UAE: Real-life 'Squid Game' comes to Abu Dhabi, without the violence

UAE: Real-life ‘Squid Game’ comes to Abu Dhabi, without the violence

Abu Dhabi - Get ready to play Red Light, Green Light; Dalgona game; and odd-or-even



by

Dhanusha Gokulan

Published: Sun 10 Oct 2021, 7:09 PM

Last updated: Sun 10 Oct 2021, 8:07 PM

Want to play the Squid Game in real life? The Korean Cultural Centre (KCC) in the UAE Capital is making it possible for fans of the hit Netflix show to try their luck at children’s games — but without facing the deadly consequences depicted in the series.

Nam Chan-woo, director of the KCC, told Khaleej Times that 338 people have already signed up for the games, which are scheduled to take place on Tuesday evening.

Also read:

>> Five reasons why show is a huge success

>> Squid Game: South Korea's latest cultural phenomenon

The Korean drama, written and directed by Hwang Dong-hyuk, has topped Netflix’s global viewership charts, the company’s chief content officer Ted Sarandos revealed last week. The nine-episode show follows the story of 456 cash-strapped contestants who are risking their lives for a tempting cash prize.

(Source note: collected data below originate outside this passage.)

Definition exp_profit (p : strategy) (i : 'I_n) : R :=
  \sum_(s : profile) \sum_(k < m) mu s k * payoff (prices p s) (omega k) i.

Definition cond_prob_ge (i : 'I_n) (si : S i) (x : R) : R :=
  (\sum_(s : profile | s i == si) \sum_(k < m)
      mu s k * (if x <= omega k then 1 else 0)) / sigprob i si.

End PricingGame.

Arguments profile {n} S.
Arguments is_info {R n m S} mu.
Arguments demand {R n} pr w i.
Arguments payoff {R n} pr w i.
Arguments strategy R {n} S.
Arguments prices {R n S} p s _.
Arguments dev_prices {R n S} p s i x _.
Arguments sigprob {R n m S} mu i si.
Arguments cond_payoff {R n m S} omega mu p i si x.
Arguments BNE {R n m S} omega mu p.
Arguments exp_profit {R n m S} omega mu p i.
Arguments cond_prob_ge {R n m S} omega mu i si x.

From HB Require Import structures.
From mathcomp Require Import all_boot all_order all_algebra.
From mathcomp Require Import ring lra.
(* Quoting 0 is always available and earns 0, so in a BNE every firm's conditional
   profit is nonnegative; with at least two firms, a deviation from the all-zero
   profile either prices at most 0 or is undercut by a rival quoting 0.
   For zero profits, let x be the highest price quoted by a firm i at a signal with
   positive conditional profit.  In some state i sells at x, so every rival j quotes
   at least x there.  Undercutting x secures j a conditional profit of at least
   x * W, where W is the mass of states in which x would win; so j is profitable,
   hence quotes exactly x by maximality of x, ties with i in that state and earns
   strictly less than x * W.
   With two firms, a negative price would make the lowest bidder sell at a loss,
   while a positive price p_i(s_i) lets the rival undercut min(p_i(s_i), omega) in a
   state of positive mass, contradicting its zero profit.  A monopolist's
   conditional payoff is literally x * Prob(omega >= x | s). *)

Set Implicit Arguments.
Unset Strict Implicit.
Unset Printing Implicit Defensive.

Import Order.TTheory GRing.Theory Num.Theory.
Local Open Scope ring_scope.

Section SumFacts.
Variable R : realFieldType.

Lemma ler_sum_term (I : finType) (P : pred I) (F : I -> R) i0 :
  P i0 -> (forall i, P i -> 0 <= F i) -> F i0 <= \sum_(i | P i) F i.
Proof.
move=> P_i0 F_ge0; rewrite (bigD1 i0) //= lerDl.
by apply: sumr_ge0 => i /andP[P_i _]; exact: F_ge0.
Qed.

Lemma ler_dsum_term (I J : finType) (P : pred I) (F : I -> J -> R) i0 j0 :
  P i0 -> (forall i j, P i -> 0 <= F i j) ->
  F i0 j0 <= \sum_(i | P i) \sum_j F i j.
Proof.
move=> P_i0 F_ge0; have sum_ge0 i : P i -> 0 <= \sum_j F i j.
  by move=> P_i; apply: sumr_ge0 => j _; exact: F_ge0.
apply: le_trans (ler_sum_term (F := fun i => \sum_j F i j) P_i0 sum_ge0).
by apply: ler_sum_term => // j _; exact: F_ge0.
Qed.

Lemma sumr_gt0_exists (I : finType) (P : pred I) (F : I -> R) :
  0 < \sum_(i | P i) F i -> exists2 i, P i & 0 < F i.
Proof.
move=> sum_gt0; apply/exists_inP; apply: contraLR sum_gt0 => /exists_inPn F_le0.
by rewrite -leNgt sumr_le0 // => i /F_le0; rewrite -leNgt.
Qed.

Lemma ler_mul_sup (x a b : R) : 0 < x -> 0 <= a ->
  (forall c, 0 < c < x -> c * a <= b) -> x * a <= b.
Proof.
move=> x_gt0 a_ge0 le_b.
have b_ge0 : 0 <= b.
  by apply: le_trans (le_b (x / 2) _); rewrite ?mulr_ge0 //; lra.
rewrite leNgt; apply/negP => b_lt.
have a_gt0 : 0 < a.
  by rewrite lt_def a_ge0 andbT; apply: contraTneq b_lt => ->; rewrite mulr0 -leNgt.
have ba_lt : b / a < x by rewrite ltr_pdivrMr.
have ba_ge0 : 0 <= b / a by rewrite divr_ge0.
have c_mul : (b / a + x) / 2 * a = (b + x * a) / 2 by field; rewrite gt_eqF.
suff : (b + x * a) / 2 <= b by lra.
by rewrite -c_mul le_b //; apply/andP; split; lra.
Qed.

End SumFacts.

Section Demand.
Variables (R : realFieldType) (n : nat).
Implicit Types (pr : 'I_n -> R) (w : R).

Definition wins pr w i : bool := (pr i <= w) && [forall j, pr i <= pr j].

Lemma demandE pr w i : demand pr w i =
  if wins pr w i then (#|[set j | pr j == pr i]|%:R)^-1 else 0.
Proof. by []. Qed.

Lemma eq_demand pr pr' w : pr =1 pr' -> demand pr w =1 demand pr' w.
Proof.
move=> eq_pr i; rewrite !demandE /wins.
have -> : [set j | pr j == pr i] = [set j | pr' j == pr' i].
  by apply/setP => j; rewrite !inE !eq_pr.
by rewrite (eq_forallb (P2 := fun j => pr' i <= pr' j)) ?eq_pr // => j; rewrite !eq_pr.
Qed.

Lemma eq_payoff pr pr' w : pr =1 pr' -> payoff pr w =1 payoff pr' w.
Proof. by move=> eq_pr i; rewrite /payoff eq_pr (eq_demand w eq_pr). Qed.

Lemma card_ties_gt0 pr i : (0 < #|[set j | pr j == pr i]|)%N.
Proof. by apply/card_gt0P; exists i; rewrite inE. Qed.

Lemma demand_ge0 pr w i : 0 <= demand pr w i.
Proof. by rewrite demandE; case: ifP => _; rewrite ?invr_ge0 ?ler0n. Qed.

Lemma demand_le_wins pr w i : demand pr w i <= (wins pr w i)%:R.
Proof.
by rewrite demandE; case: ifP => // _; rewrite invf_le1 ?ltr0n ?card_ties_gt0 // ler1n card_ties_gt0.
Qed.

Lemma demand_gt0 pr w i : wins pr w i -> 0 < demand pr w i.
Proof. by move=> win; rewrite demandE win invr_gt0 ltr0n card_ties_gt0. Qed.

Lemma demand_eq1 pr w i :
  pr i <= w -> (forall j, j != i -> pr i < pr j) -> demand pr w i = 1.
Proof.
move=> le_w lt_pr; rewrite demandE /wins le_w.
have -> : [forall j, pr i <= pr j].
  by apply/forallP => j; have [-> | /lt_pr/ltW //] := eqVneq j i.
have -> : [set j | pr j == pr i] = [set i].
  apply/setP => j; rewrite !inE; have [-> | ne_ji] := eqVneq j i; first exact: eqxx.
  by rewrite gt_eqF ?lt_pr.
by rewrite cards1 invr1.
Qed.

Lemma demand_tie pr w i j : i != j -> pr j = pr i -> demand pr w i <= 2^-1.
Proof.
move=> ne_ij eq_pr; rewrite demandE; case: ifP => _; last by rewrite invr_ge0 ler0n.
have two_ties : (2 <= #|[set l | pr l == pr i]|)%N.
  have <- : #|[set i; j]| = 2%N by rewrite cards2 ne_ij.
  apply/subset_leq_card/subsetP => l.
  by rewrite !inE => /orP[] /eqP ->; rewrite ?eq_pr eqxx.
by rewrite lef_pV2 ?posrE ?ltr0n ?ler_nat // (leq_trans _ two_ties).
Qed.

Lemma payoff_le0 pr w i j : pr j <= 0 -> payoff pr w i <= 0.
Proof.
move=> prj_le0; rewrite /payoff; have [pri_le0 | pri_gt0] := lerP (pr i) 0.
  by rewrite mulr_le0_ge0 ?demand_ge0.
rewrite demandE /wins; case: ifP => [/andP[_ /forallP /(_ j)] | _]; last by rewrite mulr0.
by move=> le_prj; exfalso; lra.
Qed.

Lemma payoff_gt0 pr w i : 0 < payoff pr w i -> 0 < pr i /\ wins pr w i.
Proof.
move=> pay_gt0; split.
  apply: contraTT pay_gt0; rewrite -!leNgt => pr_le0.
  by rewrite /payoff mulr_le0_ge0 ?demand_ge0.
by apply: contraTT pay_gt0 => /negbTE lose; rewrite -leNgt /payoff demandE lose mulr0.
Qed.

End Demand.

Lemma demand_monopoly (R : realFieldType) (pr : 'I_1 -> R) w :
  demand pr w ord0 = if pr ord0 <= w then 1 else 0.
Proof.
rewrite demandE /wins; have -> : [forall j, pr ord0 <= pr j].
  by apply/forallP => j; rewrite (ord1 j).
have -> : [set j | pr j == pr ord0] = [set ord0].
  by apply/setP => j; rewrite !inE (ord1 j) !eqxx.
by rewrite cards1 invr1 andbT.
Qed.

Lemma exists_neq_ord n : (1 < n)%N -> forall i : 'I_n, exists j, j != i.
Proof.
move=> n_gt1 i; have [i0 | i_ne0] := eqVneq (val i) 0%N.
  by exists (Ordinal n_gt1); apply/eqP => /(congr1 val); rewrite i0.
by exists (Ordinal (ltnW n_gt1)); apply: contraNneq i_ne0 => <-.
Qed.

Lemma ord2_neq (i j l : 'I_2) : j != i -> l != j -> l = i.
Proof. by case: i j l => [[|[|?]] ?] [[|[|?]] ?] [[|[|?]] ?] //= *; apply/val_inj. Qed.

Section Game.
Variables (R : realFieldType) (n m : nat) (S : 'I_n -> finType).
Variables (omega : 'I_m -> R) (mu : profile S -> 'I_m -> R).
Hypothesis mu_ge0 : forall s k, 0 <= mu s k.
Implicit Types (p : strategy R S) (s : profile S).

Definition gain p i (si : S i) x :=
  \sum_(s : profile S | s i == si) \sum_(k < m) mu s k * payoff (dev_prices p s i x) (omega k) i.

Definition win_mass p j (t : S j) x :=
  \sum_(s : profile S | s j == t) \sum_(k < m) mu s k * (wins (dev_prices p s j x) (omega k) j)%:R.

Arguments gain : clear implicits.
Arguments win_mass : clear implicits.

Lemma cond_payoffE p i si x :
  cond_payoff omega mu p i si x = gain p i si x / sigprob mu i si.
Proof. by []. Qed.

Lemma dev_prices_at p s i x : dev_prices p s i x i = x.
Proof. by rewrite /dev_prices eqxx. Qed.

Lemma dev_prices_other p s i x l : l != i -> dev_prices p s i x l = p l (s l).
Proof. by rewrite /dev_prices => /negbTE ->. Qed.

Lemma dev_prices_self p s i : dev_prices p s i (p i (s i)) =1 prices p s.
Proof. by move=> j; rewrite /dev_prices /prices; case: eqP => // ->. Qed.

Since its release, the Squid Game fever has gripped viewers worldwide, including those in the UAE. Memes and videos have flooded social events, and some have organised wholesome events to bring its thrills to life.

Squid Game player attires have also become one of the most searched Halloween costumes this year. In Ajman, Dot Cafe is serving cappuccino with a side of a Dalgona (honeycomb) candy, which was used in the second round of the games in the series.

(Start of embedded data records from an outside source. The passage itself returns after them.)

(* Let $p$ be a prime and $d>1$. Let $h^{\mathrm u}_{p,d}$ (resp. $h^{\mathrm l}_{p,d}$) be the number of unitary equivalence classes of frames $\Phi_J$ with $J\subset\mathbb{Z}_p$ a $d$-element subset with $0\notin J$ (resp. $0\in J$). Then $$h^{\mathrm u}_{p,d}=\frac{1}{p-1}\sum_{j\mid\gcd(p-1,d)}\binom{(p-1)/j}{d/j}\varphi(j),\qquad h^{\mathrm l}_{p,d}=\frac{1}{p-1}\sum_{j\mid\gcd(p-1,d-1)}\binom{(p-1)/j}{(d-1)/j}\varphi(j),$$ where $\varphi$ is Euler's totient function. (The formula for $h^{\mathrm u}_{p,d}$ also holds for $d=1$.)
   Context: Let $\omega=e^{2\pi i/p}$. For a $d$-element subset $J\subset\mathbb{Z}_p$, the cyclic harmonic frame $\Phi_J$ is the sequence $(v_k)_{k\in\mathbb{Z}_p}$ with $v_k=(\omega^{jk})_{j\in J}\in\mathbb{C}^J\cong\mathbb{C}^d$. Two finite sequences $(v_k)_{k\in I}$, $(w_k)_{k\in I'}$ in $\mathbb{C}^d$ are unitarily equivalent if there is a unitary $U$ and a bijection $\sigma:I\to I'$ with $v_k=Uw_{\sigma(k)}$ for all $k$. Frames $\Phi_J$ with $0\in J$ are called lifted, those with $0\notin J$ unlifted. *)

From HB Require Import structures.
From mathcomp Require Import all_boot all_order all_algebra all_fingroup all_field.
From mathcomp Require Import spectral.
From Stdlib Require Import ClassicalEpsilon.
Set Implicit Arguments. Unset Strict Implicit. Unset Printing Implicit Defensive.
Import Order.TTheory GRing.Theory Num.Theory.
Local Open Scope ring_scope.

(* omega = e^{2 pi i / p} in the algebraic complex numbers algC:
   p.-root (-1) is the p-th root of -1 of minimal nonnegative argument,
   i.e. e^{i pi / p}; its square is e^{2 pi i / p}. *)
Definition omega (p : nat) : algC := (p.-root (-1)) ^+ 2.

(* The k-th vector of the cyclic harmonic frame Phi_J in C^J ~ C^d,
   where the coordinates are indexed by the elements of J listed in
   increasing order (enum J); d is intended to be #|J|. *)
Definition harm_vec (p d : nat) (J : {set 'I_p}) (k : 'I_p) : 'cV[algC]_d :=
  \col_(i < d) omega p ^+ (nth 0%N (map val (enum J)) i * k).

Definition unit_equiv (p d : nat) (v w : 'I_p -> 'cV[algC]_d) : Prop :=
  exists (U : 'M[algC]_d) (sigma : {perm 'I_p}),
    U \is unitarymx /\ forall k, v k = U *m w (sigma k).

Definition asbool (P : Prop) : bool :=
  if excluded_middle_informative P then true else false.

Definition frame_equiv (p d : nat) (J K : {set 'I_p}) : bool :=
  asbool (unit_equiv (harm_vec d J) (harm_vec d K)).

Definition unlifted_sets (p d : nat) : {set {set 'I_p}} :=
  [set J : {set 'I_p} | (#|J| == d) && [forall i : 'I_p, (i \in J) ==> (val i != 0%N)]].
Definition lifted_sets (p d : nat) : {set {set 'I_p}} :=
  [set J : {set 'I_p} | (#|J| == d) && [exists i : 'I_p, (i \in J) && (val i == 0%N)]].

Definition num_classes (p d : nat) (S : {set {set 'I_p}}) : nat :=
  #|[set [set K in S | frame_equiv d J K] | J in S]|.

Definition h_unlifted (p d : nat) : nat := num_classes d (unlifted_sets p d).
Definition h_lifted (p d : nat) : nat := num_classes d (lifted_sets p d).

Definition hformula (p e : nat) : rat :=
  ((p.-1)%:R)^-1 *
  (\sum_(j <- divisors (gcdn p.-1 e)) ('C(p.-1 %/ j, e %/ j) * totient j)%N%:R).

(* Phi_J and Phi_K are unitarily equivalent iff K = a J for a unit a of Z_p.
   An equivalence preserves the Gram entry <v_0, v_1>, so the power sum
   sum_(x in J) w^x equals sum_(y in K) w^(c y) with p not dividing c; the
   Galois automorphisms w |-> w^m of Q(w) then match all power sums, and Fourier
   inversion on Z_p gives J = c K.  Conversely a dilation is realised by a
   permutation matrix.  So h^u and h^l count the orbits of the cyclic group
   (Z/p)^* on d-subsets avoiding (resp. containing) 0, and Burnside's lemma
   applies: a unit u of order j fixes exactly the unions of <u>-orbits of
   nonzero residues, each of size j, i.e. 'C((p-1)/j, d/j) subsets when j | d. *)

From HB Require Import structures.
From mathcomp Require Import all_boot all_order all_algebra all_fingroup all_field.
From mathcomp Require Import all_solvable.
From mathcomp Require Import spectral zify.
From Stdlib Require Import ClassicalEpsilon.
Set Implicit Arguments. Unset Strict Implicit. Unset Printing Implicit Defensive.
Import Order.TTheory GRing.Theory Num.Theory.
Local Open Scope ring_scope.

Section PrimitiveRoot.
Variable p : nat.
Hypothesis p_pr : prime p.
Local Notation w := (omega p).

Lemma omega_prim : p.-primitive_root w.
Proof.
have p_gt0 := prime_gt0 p_pr.
have rootp : (p.-root (-1 : algC)) ^+ p = -1 by rewrite rootCK.
have wp : w ^+ p = 1 by rewrite /omega -exprM mulnC exprM rootp sqrrN expr1n.
have [m prim_m m_dvd_p] := prim_order_exists p_gt0 wp.
suff m_neq1 : m != 1%N by move: prim_m; rewrite (elimT (prime_nt_dvdP p_pr m_neq1) m_dvd_p).
apply/eqP => m1; move: (prim_expr_order prim_m); rewrite m1 expr1 /omega.
move/eqP; rewrite sqrf_eq1 => /orP[] /eqP r1.
  by move: rootp; rewrite r1 expr1n => /eqP; rewrite -addr_eq0 -mulr2n pnatr_eq0.
by have := rootC_lt0 (-1 : algC) (prime_gt1 p_pr); rewrite r1 ltrN10.
Qed.

Lemma normr_omega : `|w| = 1.
Proof.
apply/eqP; rewrite -(@pexpr_eq1 _ _ p) ?normr_ge0 ?prime_gt0 //.
by rewrite -normrX (prim_expr_order omega_prim) normr1.
Qed.

Lemma conj_omega_expr k : (w ^+ k)^* = w ^+ (k * p.-1).
Proof.
have w_neq0 : w != 0 by rewrite (prim_root_eq0 omega_prim) -lt0n prime_gt0.
rewrite rmorphXn /= mulnC exprM; congr (_ ^+ k); apply: (mulIf w_neq0).
rewrite mulrC -normCK normr_omega expr1n -exprSr prednK ?prime_gt0 //.
by rewrite (prim_expr_order omega_prim).
Qed.

Lemma sum_omega_expr t :
  \sum_(m < p) w ^+ (t * m) = if (p %| t)%N then p%:R else 0.
Proof.
case: ifPn => [p_dvd_t|p_ndvd_t].
  rewrite (eq_bigr (fun _ => 1)) ?sumr_const ?card_ord // => m _.
  by apply/eqP; rewrite -(prim_order_dvd omega_prim) dvdn_mulr.
have : (w ^+ t - 1) * \sum_(m < p) w ^+ (t * m) = 0.
  under eq_bigr do rewrite exprM.
  by rewrite -subrX1 -exprM mulnC exprM (prim_expr_order omega_prim) expr1n subrr.
move/eqP; rewrite mulf_eq0 subr_eq0 -(prim_order_dvd omega_prim).
by rewrite (negPf p_ndvd_t) => /eqP.
Qed.

End PrimitiveRoot.

Lemma dvdn_add_sub (p a b : nat) :
  (a < p)%N -> (b < p)%N -> (p %| a + (p - b))%N = (a == b).
Proof.
move=> a_lt b_lt; apply/idP/eqP => [/dvdnP [k ek]|->].
  by case: k ek => [|[|k]] ek; lia.
by rewrite subnKC ?dvdnn // ltnW.
Qed.

Section PowerSums.
Variable n : nat.
Local Notation p := n.+2.
Hypothesis p_pr : prime p.
Local Notation w := (omega p).

Lemma unit_Zp_prime (x : 'I_p) : (x \is a GRing.unit) = (x != 0).
Proof.
have := @unitZpE p x isT; rewrite natr_Zp => ->.
rewrite prime_coprime // -val_eqE /=; apply/idP/idP; apply: contra.
  by move/eqP ->; rewrite dvdn0.
by move/dvdnP => [[|k] ek]; have := ltn_ord x; rewrite ek //= mulSn; lia.
Qed.

Definition power_sum (K : {set 'I_p}) (m : nat) : algC := \sum_(y in K) w ^+ (y * m).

Nam said: “The games seem a bit brutal in the series to maximise the dramatic element. However, all the games in the show are popular ones played by Korean children from past to present.”

He said that through the upcoming event, the centre hopes more people in the UAE would learn about Korean culture.

“Just as K-Pop gained worldwide popularity through YouTube in the 2010s, I think platforms such as Netflix would be a channel for the global spread of Korean video content such as dramas and movies.”

How will the KCC games be played?

Chan-woo said the games would be played by two groups consisting of 15 pre-selected participants. Two rounds will be organised from 5.30pm to 9.15pm on Tuesday.

Participants will wear uniforms — Squid Game logo T-shirts — during the event, and the staff will be donning the circle, triangle and square costumes worn by the guards in the show.

The whole game will be tournament-based and players who lost will be able to watch the game separately without being ‘eliminated’.

Guide to the games

>> Red Light, Green Light

It is a popular childhood game in Korea.

“I played it a lot during my childhood days,” said Nam. “In Korean, we say ‘The roses of Sharon have blossomed’ instead of Green Light and Red Light. The person whose movement is detected is eliminated.”

The KCC will shoot sponge guns — instead of actual firearms — at participants who move. Winners can move on to the next game.

>> Glass stepping stones

KCC will do floor stepping stones instead, but it will be run in the same way it was done in the show.

>> Honeycomb toffee game (Dalgona game)

“After school, on your way back home, you will see a dalgona maker in front of your school. Korean children paid Dh1 or Dh2 (10 to 20 years ago) and maybe Dh5-10 (now) for one game. They would gather with their friends and try to take out the shapes marked. If you get the shape without any breaks, you will get one more for free,” said Nam.

>> Marble game

Two players will be paired to play a game with marbles, and those who exhausted all their beads will be eliminated. The KCC will hold even-or-odd matches. The dealer will hold either a number of marbles in their fist, and the player would need to guess if it’s even or odd.

>> Ttakji

The players hold the ttakji, and whoever flips over the other’s piece first will be the winner.

“This is a traditional Korean game, and we have played the ttakji with friends and family during the holidays such as New Year’s Day or Thanksgiving Day. Koreans used to make ttakji with old calendars because they are usually hard enough to make a durable ttakji,” said Nam.